▸ Task instructions
Scan the records beneath this line for the line holding "by exists (std_merge" and the line holding "lann_gen_all (fun r", then transcribe exactly those two and all lines between.

(Items from a dataset)
+ + + + + + +

Theorem theorem3p13 (R : realType) (V : lmodType R[i])
    (ip : V -> V -> R[i]) (J : V -> V)
    (I : choiceType) (W : I -> set V) (v : I -> R) :
  krein_space ip J ->
  (forall i, closed_subspace ip J (W i)) ->
  (forall i, 0 < v i) ->
  bessel_family ip J W v ->
  let M := closed_sum ip J W in
  let D := deficiency ip J M in
  (krein_frame_bounds ip J W v M ->
     [/\ closed_subspace ip J D, D `<=` M & uniformly_J_positive ip J D]) /\
  (fusion_frame_for ip J W v M -> uniformly_J_positive ip J D ->
     krein_frame_bounds ip J W v M).
Proof.
move=> HK cW _ bessel M D.
have cM : closed_subspace ip J M := closed_sum_closed_subspace HK cW.
have WM : forall i, W i `<=` M := sub_closed_sum HK (W := W).
split=> [bounds|]; last exact (krein_frame_bounds_of_fusion_frame HK cW cM WM).
split; last exact (deficiency_uniformly_J_positive HK cW cM WM bessel bounds).
- exact (closed_subspaceI cM
    (korth_closed_subspace (jipDZl HK) (normc_jip_le HK) (isotropic_part ip M))).
- by move=> f [].
Qed.
Lemma block_offsets_spec c r : r < size (phi p c) ->
  exists2 o, o \in block_offsets c & o.1.1 = nth L (phi p c) r /\
    (o.1.2.1 * Z.of_nat p + o.1.2.2 <= Z.of_nat r <= o.2.1 * Z.of_nat p + o.2.2)%Z.
Proof.
move=> hr; rewrite (nth_phi hp hr); move: hr; rewrite (size_phi hp).
case: c => /= hr; case: eqP => /= hr1.
- by exists (S, (1, 0), (1, 0))%Z; [rewrite !inE eqxx ?orbT | split => //; cbn [fst snd]; lia].
- by exists (L, (0, 0), (1, -1))%Z; [rewrite !inE eqxx ?orbT | split => //; cbn [fst snd]; lia].
- by exists (M, (0, 0), (0, 0))%Z; [rewrite !inE eqxx ?orbT | split => //; cbn [fst snd]; lia].
- lia.
- by exists (S, (1, -1), (1, -1))%Z; [rewrite !inE eqxx ?orbT | split => //; cbn [fst snd]; lia].
- by exists (L, (0, 0), (1, -2))%Z; [rewrite !inE eqxx ?orbT | split => //; cbn [fst snd]; lia].
Qed.

Lemma image_profile_in ev K x r1 r2 r3 r4 k : range_sound (Z.of_nat p) K ev ->
  r1 < size (phi p (head1 x)) -> r2 < size (phi p (next1 x)) ->
  r3 < size (phi p (head2 x)) -> r4 < size (phi p (next2 x)) ->
  k = ((Z.of_nat p + 1) * (dlen x - dS x - dM x) + dS x + Z.of_nat p * dM x
       + Z.of_nat r2 - Z.of_nat r1 - Z.of_nat r4 + Z.of_nat r3)%Z ->
  (- K <= k <= K)%Z ->
  Profile k (dlen x - dS x - dM x + dM x) (dS x) (nth L (phi p (head1 x)) r1)
    (nth L (phi p (next1 x)) r2) (nth L (phi p (head2 x)) r3) (nth L (phi p (next2 x)) r4)
  \in image_profiles ev x.
Proof.
move=> hev h1 h2 h3 h4 -> hk.
have [[[c1 [a1 b1]] [a1' b1']] i1 [/= <- r1b]] := block_offsets_spec h1.
have [[[c2 [a2 b2]] [a2' b2']] i2 [/= <- r2b]] := block_offsets_spec h2.
have [[[c3 [a3 b3]] [a3' b3']] i3 [/= <- r3b]] := block_offsets_spec h3.
have [[[c4 [a4 b4]] [a4' b4']] i4 [/= <- r4b]] := block_offsets_spec h4.
apply/flatten_mapP; exists (c1, (a1, b1), (a1', b1')) => //.
apply/flatten_mapP; exists (c2, (a2, b2), (a2', b2')) => //.
apply/flatten_mapP; exists (c3, (a3, b3), (a3', b3')) => //.
apply/flatten_mapP; exists (c4, (a4, b4), (a4', b4')) => //.
apply: (map_f (fun k => Profile k _ _ _ _ _ _)); apply: zrange_mem.
set lo := zadd _ _; set hi := zadd _ _; have [hlo hhi] := hev lo hi.
move: hlo hhi; rewrite /lo /hi /zadd /zsub /=; lia.
Qed.
Lemma trop_defect_fracv_min z N w w' : (0 < N)%N -> inFv F w -> inFv F w' ->
  (forall b, 0 <= trop_defect z b (fracv N w) (fracv N w')) /\
  exists b, trop_defect z b (fracv N w) (fracv N w') = 0.
Proof.
move=> Np hw hw'; have Nr : (0 : R) < N%:R by rewrite ltr0n.
case: p_point => _ [h _]; have [[b hb] hle] := h _ _ (elems_pinvF z hw) (elems_pinvF z hw').
have E a : p (Defs.addA mu a (pinv mu z w) (pinv mu z w')) =
  chartp a (mu z a w + mu z a w') by [].
rewrite E in hb; split => [b'|]; last first.
  exists b; rewrite trop_defect_fracv // -hb /chartp.
  by rewrite [X in X / _](_ : _ = 0) ?mul0r //; ring.
rewrite trop_defect_fracv //; apply: divr_ge0; last exact: ltW.
by have := hle b'; rewrite E /chartp; lra.
Qed.

Lemma ext_tropical z x x' :
  (forall b, 0 <= trop_defect z b x x') /\ exists b, trop_defect z b x x' = 0.
Proof.
have ge b : 0 <= trop_defect z b x x'.
  rewrite leNgt; apply/negP => hlt; rewrite -oppr_gt0 in hlt.
  have [d dp Hd] := trop_defect_cont z b x x' hlt.
  have [N [w [w' [Np hw hw' h1 h2]]]] := fracv_dense2 F_subring x x' dp.
  have := Hd _ _ h1 h2; have [/(_ b) k _] := trop_defect_fracv_min z Np hw hw'.
  have := ler_norm (trop_defect z b (fracv N w) (fracv N w') - trop_defect z b x x').
  rewrite distrC; lra.
split => //; apply: NNPP => hn.
have pos b : 0 < trop_defect z b x x'.
  by rewrite lt_neqAle ge andbT; apply/eqP => h; apply: hn; exists b.
have [d dp Hd] := common_radius_fin (P := fun b d => forall y y', near_v d x y ->
    near_v d x' y' -> `|trop_defect z b x x' - trop_defect z b y y'| < trop_defect z b x x')
  (fun b e e' e'p h1 h2 y y' hy hy' => h2 y y' (near_mono h1 hy) (near_mono h1 hy'))
  (fun b => trop_defect_cont z b x x' (pos b)).
have [N [w [w' [Np hw hw' h1 h2]]]] := fracv_dense2 F_subring x x' dp.
have [_ [b hb]] := trop_defect_fracv_min z Np hw hw'.
by have := Hd b _ _ h1 h2; rewrite hb subr0 ger0_norm ?ge // ltxx.
Qed.
Lemma rann_gen_all (s : seq T) :
  (forall f, f \in s -> exists e, central_idem e /\ rann_gen f e) ->
  exists E, central_idem E /\ forall a, (forall f, f \in s -> f * a = 0) <-> a = E * a.
Proof.
elim: s => [_|f s IH Hs].
  by exists 1; split=> [|a]; [exact: central_idem1 | rewrite mul1r].
have [e [ce He]] := Hs f (mem_head _ _).
have [E [cE HE]] := IH (fun g gs => Hs g (mem_behead (s := f :: s) gs)).
exists (e * E); split=> [|a]; first exact: central_idemM.
split=> [H | aeE g].
  have aE : a = E * a by apply/HE => g gs; apply: H; rewrite inE gs orbT.
  by rewrite -mulrA -aE; apply/He/H/mem_head.
rewrite inE => /orP[/eqP ->|].
  by apply/He; rewrite {2}aeE !mulrA (proj1 ce) -aeE.
move: g; apply/HE.
by rewrite {2}aeE !mulrA (proj2 cE e) -(mulrA e) (proj1 cE) -aeE.
Qed.

Lemma r_ann_right_ideal_gen (s : seq T) a :
  r_ann (right_ideal_gen s) a <-> forall f, f \in s -> forall t, f * t * a = 0.
Proof.
split=> [H f fs t | H y [u [_ ->]]]; last first.
  by rewrite mulr_suml big1 // => j _; apply/H/mem_nth.
set i := index f s; have ltis : (i < size s)%N by rewrite index_mem.
apply: H; exists (mkseq (fun j => if j == i then t else 0) (size s)).
rewrite size_mkseq; split=> //; rewrite (bigD1 (Ordinal ltis)) //=.
rewrite nth_mkseq // eqxx nth_index // big1 ?addr0 // => j /eqP neji.
rewrite nth_mkseq //; case: eqP => [eji|]; last by rewrite mulr0.
by case: neji; apply: val_inj.
Qed.

Lemma r_ann_right_ideal_gen_central (s : seq T) a :
  (forall f, f \in s -> exists e, central_idem e /\ rann_gen f e) ->
  r_ann (right_ideal_gen s) a <-> forall f, f \in s -> f * a = 0.
Proof.
move=> Hs; apply: (iff_trans (r_ann_right_ideal_gen s a)).
split=> H f fs; first by have := H f fs 1; rewrite mulr1.
have [e [[ie ce] He]] := Hs f fs; have fa := H f fs.
have fe : f * e = 0 by apply/He/esym.
by move=> t; rewrite (He a).1 // mulrA -(mulrA f) -ce mulrA fe !mul0r.
Qed.

Lemma ac_right_of_rann_gen :
  (forall f : T, exists e, central_idem e /\ rann_gen f e) -> ac_right T.
Proof.
move=> Hgen s.
have Hs (t : seq T) f : f \in t -> exists e, central_idem e /\ rann_gen f e.
  by move=> _; apply: Hgen.
have [E [_ HE]] := rann_gen_all (Hs s).
exists (1 - E) => a.
apply: (iff_trans (r_ann_right_ideal_gen_central a (Hs s))).
apply: (iff_trans (HE a)); apply: iff_sym.
apply: (iff_trans (r_ann_right_ideal_gen_central a (Hs [:: 1 - E]))).
apply: (iff_trans _ (rann_gen_compl E a)).
by split=> [/(_ _ (mem_head _ _)) | H f]; rewrite // mem_seq1 => /eqP ->.
Qed.

Lemma peirce10_1 (e : T) : idempotent_el e -> peirce10 e 1 = 0.
Proof. by move=> ie; rewrite /peirce10 mulr1 mulrBl mul1r ie subrr. Qed.

Lemma peirce10D (e s t : T) : peirce10 e (s + t) = peirce10 e s + peirce10 e t.
Proof. by rewrite /peirce10 mulrDr mulrDl. Qed.

(* Insert 1 = e + (1 - e) between s and t. *)
Lemma peirce10M (e s t : T) :
  peirce10 e s = 0 -> peirce10 e t = 0 -> peirce10 e (s * t) = 0.
Proof.
rewrite /peirce10 => Ps Pt.
have -> : (1 - e) * (s * t) * e =
    (1 - e) * s * e * (t * e) + (1 - e) * s * ((1 - e) * t * e).
  transitivity ((1 - e) * s * ((e + (1 - e)) * t * e)).
    by rewrite (addrC e) subrK mul1r !mulrA.
  by rewrite [(e + _) * t]mulrDl mulrDl mulrDr !mulrA.
by rewrite Ps Pt mul0r mulr0 addr0.
Qed.

Lemma peirce10_comm (e t : T) :
  peirce10 e t = 0 -> peirce10 (1 - e) t = 0 -> GRing.comm t e.
Proof.
rewrite /peirce10 subKr => P10 P01; transitivity (e * t * e).
  by rewrite -{1}[t]mul1r -(subrKC e 1) mulrDl mulrDl P10 addr0.
by rewrite -{2}[e * t]mulr1 -(subrKC e 1) mulrDr P01 addr0.
Qed.

End CentralIdempotents.

Section Converse.
Variable T : pzRingType.

Lemma central_idemC (e : T) : @central_idem T^c e <-> central_idem e.
Proof. by split=> [[ie ce]|[ie ce]]; split=> // r; apply/esym/ce. Qed.

Lemma lann_gen_of_left_pp : Abelian_ring T -> left_pp T ->
  forall f : T, exists e, central_idem e /\ lann_gen f e.
Proof.
move=> Ab pp f.
have AbC : Abelian_ring T^c by move=> e ie r; apply/esym/Ab.
have [e [/central_idemC ce He]] := rann_gen_of_right_pp AbC pp f.
by exists e.
Qed.

Lemma lann_gen_all (s : seq T) :
  (forall f, f \in s -> exists e, central_idem e /\ lann_gen f e) ->
  exists E, central_idem E /\ forall a, (forall f, f \in s -> a * f = 0) <-> a = a * E.
Proof.
move=> Hs.
have HsC f : f \in s -> exists e, @central_idem T^c e /\ @rann_gen T^c f e.
  by move=> /Hs [e [/central_idemC ce He]]; exists e.
by have [E [/central_idemC cE HE]] := @rann_gen_all T^c s HsC; exists E.
Qed.

Lemma ac_left_of_lann_gen :
  (forall f : T, exists e, central_idem e /\ lann_gen f e) -> ac_left T.
Proof.
move=> Hgen; apply: (@ac_right_of_rann_gen T^c) => f.
by have [e [/central_idemC ce He]] := Hgen f; exists e.
Qed.

End Converse.

Lemma fam_pow_single (T : pzRingType) n (f : 'I_n -> T -> T) (k : 'I_n) r :
  fam_pow f (fun i => (i == k) : nat) r = f k r.
Proof.
rewrite /fam_pow; have : k \in enum 'I_n by rewrite mem_enum.
elim: (enum 'I_n) (enum_uniq 'I_n) r => [|i l IH] //= /andP[il ul] r.
rewrite in_cons; case: eqP => [-> _|/eqP ki /= kl].
  rewrite eqxx /=; congr (f i _); elim: l il {IH ul} => //= j l IH.
  by rewrite in_cons negb_or eq_sym => /andP[/negPf -> /IH].
by rewrite eq_sym (negPf ki) IH.
Qed.

Section SkewPBW.
Variables (R A : pzRingType) (n : nat) (phi : {rmorphism R -> A}) (x : 'I_n -> A).
Variables (sigma delta : 'I_n -> R -> R).
Hypothesis std_eval_surj : forall a : A, exists s, a = std_eval phi x s.
Hypothesis SD : SigmaDelta_of phi x sigma delta.
Hypotheses (Sc : Sigma_compatible sigma) (Dc : Delta_compatible delta).
Hypothesis Ab : Abelian_ring R.

Lemma idem_phi v : idempotent_el v -> idempotent_el (phi v).
Proof. by rewrite /idempotent_el -rmorphM => ->. Qed.

Lemma peirce10_idem_phi v r : idempotent_el v -> peirce10 (phi v) (phi r) = 0.
Proof.
move=> iv; rewrite /peirce10 -(rmorph1 phi) -rmorphB -!rmorphM -mulrA -(Ab iv).
by rewrite mulrA mulrBl mul1r iv subrr mul0r rmorph0.
Qed.

Lemma peirce10_idem_x v k : idempotent_el v -> peirce10 (phi v) (x k) = 0.
Proof.
move=> iv; have v10 : (1 - v) * v = 0 by rewrite mulrBl mul1r iv subrr.
have s10 : (1 - v) * sigma k v = 0 by rewrite -(fam_pow_single sigma k); apply/Sc.
have d10 : (1 - v) * delta k v = 0 by rewrite -(fam_pow_single delta k); apply: Dc.
rewrite /peirce10 -(rmorph1 phi) -rmorphB -mulrA SD mulrDr mulrA -!rmorphM.
by rewrite s10 d10 rmorph0 mul0r add0r.
Qed.

Lemma peirce10_idem_std_mono v al :
  idempotent_el v -> peirce10 (phi v) (std_mono x al) = 0.
Proof.
move=> iv; apply: (big_ind (fun t => peirce10 (phi v) t = 0)) => [|s t|i _].
- exact/peirce10_1/idem_phi.
- exact: peirce10M.
elim: (tnth al i) => [|m IH]; first exact/peirce10_1/idem_phi.
by rewrite exprS; apply: peirce10M => //; apply: peirce10_idem_x.
Qed.

Lemma peirce10_idem v t : idempotent_el v -> peirce10 (phi v) t = 0.
Proof.
move=> iv; have [s ->] := std_eval_surj t.
apply: (big_ind (fun t => peirce10 (phi v) t = 0)) => [|a b Pa Pb|p _].
- by rewrite /peirce10 mulr0 mul0r.
- by rewrite peirce10D Pa Pb addr0.
by apply: peirce10M; [apply: peirce10_idem_phi | apply: peirce10_idem_std_mono].
Qed.

Lemma central_idem_phi v : idempotent_el v -> central_idem (phi v).
Proof.
move=> iv; split=> [|t]; first exact: idem_phi.
apply/esym/peirce10_comm; first exact: peirce10_idem.
by rewrite -(rmorph1 phi) -rmorphB; apply/peirce10_idem/idem_compl.
Qed.

Definition std_merge (s : seq (n.-tuple nat * R)) : seq (n.-tuple nat * R) :=
  [seq (al, \sum_(p <- s | p.1 == al) p.2) | al <- undup (map fst s)].

Lemma std_merge_uniq s : uniq (map fst (std_merge s)).
Proof. by rewrite -map_comp map_id undup_uniq. Qed.

Lemma std_eval_merge s : std_eval phi x (std_merge s) = std_eval phi x s.
Proof.
rewrite /std_eval big_map /=.
under eq_bigr => al _ do rewrite rmorph_sum mulr_suml big_mkcond.
rewrite exchange_big; apply: eq_big_seq => p ps; rewrite -big_mkcond -big_filter.
have -> : [seq al <- undup (map fst s) | p.1 == al] = [:: p.1].
  have p1s : p.1 \in undup (map fst s) by rewrite mem_undup map_f.
  rewrite -(filter_pred1_uniq (undup_uniq _) p1s).
  by apply: eq_filter => al; rewrite /= eq_sym.
by rewrite big_seq1.
Qed.

Lemma std_eval_surj_uniq a : exists s, uniq (map fst s) /\ a = std_eval phi x s.
Proof.
have [s ->] := std_eval_surj a.
by exists (std_merge s); rewrite std_merge_uniq std_eval_merge.
Qed.

Lemma mulr_std_eval c s :
  phi c * std_eval phi x s = \sum_(p <- s) phi (c * p.2) * std_mono x p.1.
Proof. by rewrite /std_eval mulr_sumr; apply: eq_bigr => p _; rewrite mulrA rmorphM. Qed.

Lemma std_eval_mul_idem e s : idempotent_el e ->
  std_eval phi x s * phi e = \sum_(p <- s) phi (p.2 * e) * std_mono x p.1.
Proof.
move=> /central_idem_phi [_ ce]; rewrite /std_eval mulr_suml.
by apply: eq_bigr => p _; rewrite rmorphM -!mulrA ce.
Qed.

Hypothesis SA : SA1 phi x.

Lemma rann_gen_skewPBW : right_pp R ->
  forall f : A, exists e, central_idem e /\ rann_gen f e.
Proof.
move=> pp f; have [s [us ->]] := std_eval_surj_uniq f.
have [E [[iE _] HE]] :=
  rann_gen_all (fun r (_ : r \in map snd s) => rann_gen_of_right_pp Ab pp r).
have coefE b : (forall p, p \in s -> p.2 * b = 0) <-> b = E * b.
  apply: iff_trans (HE b); split=> H; last by move=> p ps; apply/H/map_f.
  by move=> r /mapP[p ps ->]; apply: H.
exists (phi E); split=> [|a]; first exact: central_idem_phi.
split=> [fa | ->]; last first.
  rewrite mulrA std_eval_mul_idem // big1_seq ?mul0r // => p /andP[_ ps].
  by rewrite ((coefE E).2 (esym iE) p ps) rmorph0 mul0r.
have [u [uu ea]] := std_eval_surj_uniq a; rewrite ea in fa *.
rewrite mulr_std_eval /std_eval; apply: eq_big_seq => q qu.
by rewrite -(coefE q.2).1 // => p ps; apply: SA us uu fa p q ps qu.
Qed.

Lemma lann_gen_skewPBW : left_pp R ->
  forall f : A, exists e, central_idem e /\ lann_gen f e.
Proof.
move=> pp f; have [s [us ->]] := std_eval_surj_uniq f.
have [E [[iE _] HE]] :=
  lann_gen_all (fun r (_ : r \in map snd s) => lann_gen_of_left_pp Ab pp r).
have coefE b : (forall p, p \in s -> b * p.2 = 0) <-> b = b * E.
  apply: iff_trans (HE b); split=> H; last by move=> p ps; apply/H/map_f.
  by move=> r /mapP[p ps ->]; apply: H.
exists (phi E); split=> [|a]; first exact: central_idem_phi.
split=> [af | ->]; last first.
  rewrite -mulrA mulr_std_eval big1_seq ?mulr0 // => p /andP[_ ps].
  by rewrite ((coefE E).2 (esym iE) p ps) rmorph0 mul0r.
have [u [uu ea]] := std_eval_surj_uniq a; rewrite ea in af *.
rewrite std_eval_mul_idem // /std_eval; apply: eq_big_seq => q qu.
by rewrite -(coefE q.2).1 // => p ps; apply: SA uu us af q p qu ps.
Qed.

End SkewPBW.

+ + + + + + +

▸ Response below
by exists (std_merge s); rewrite std_merge_uniq std_eval_merge.
Qed.

Lemma mulr_std_eval c s :
  phi c * std_eval phi x s = \sum_(p <- s) phi (c * p.2) * std_mono x p.1.
Proof. by rewrite /std_eval mulr_sumr; apply: eq_bigr => p _; rewrite mulrA rmorphM. Qed.

Lemma std_eval_mul_idem e s : idempotent_el e ->
  std_eval phi x s * phi e = \sum_(p <- s) phi (p.2 * e) * std_mono x p.1.
Proof.
move=> /central_idem_phi [_ ce]; rewrite /std_eval mulr_suml.
by apply: eq_bigr => p _; rewrite rmorphM -!mulrA ce.
Qed.

Hypothesis SA : SA1 phi x.

Lemma rann_gen_skewPBW : right_pp R ->
  forall f : A, exists e, central_idem e /\ rann_gen f e.
Proof.
move=> pp f; have [s [us ->]] := std_eval_surj_uniq f.
have [E [[iE _] HE]] :=
  rann_gen_all (fun r (_ : r \in map snd s) => rann_gen_of_right_pp Ab pp r).
have coefE b : (forall p, p \in s -> p.2 * b = 0) <-> b = E * b.
  apply: iff_trans (HE b); split=> H; last by move=> p ps; apply/H/map_f.
  by move=> r /mapP[p ps ->]; apply: H.
exists (phi E); split=> [|a]; first exact: central_idem_phi.
split=> [fa | ->]; last first.
  rewrite mulrA std_eval_mul_idem // big1_seq ?mul0r // => p /andP[_ ps].
  by rewrite ((coefE E).2 (esym iE) p ps) rmorph0 mul0r.
have [u [uu ea]] := std_eval_surj_uniq a; rewrite ea in fa *.
rewrite mulr_std_eval /std_eval; apply: eq_big_seq => q qu.
by rewrite -(coefE q.2).1 // => p ps; apply: SA us uu fa p q ps qu.
Qed.

Lemma lann_gen_skewPBW : left_pp R ->
  forall f : A, exists e, central_idem e /\ lann_gen f e.
Proof.
move=> pp f; have [s [us ->]] := std_eval_surj_uniq f.
have [E [[iE _] HE]] :=
  lann_gen_all (fun r (_ : r \in map snd s) => lann_gen_of_left_pp Ab pp r).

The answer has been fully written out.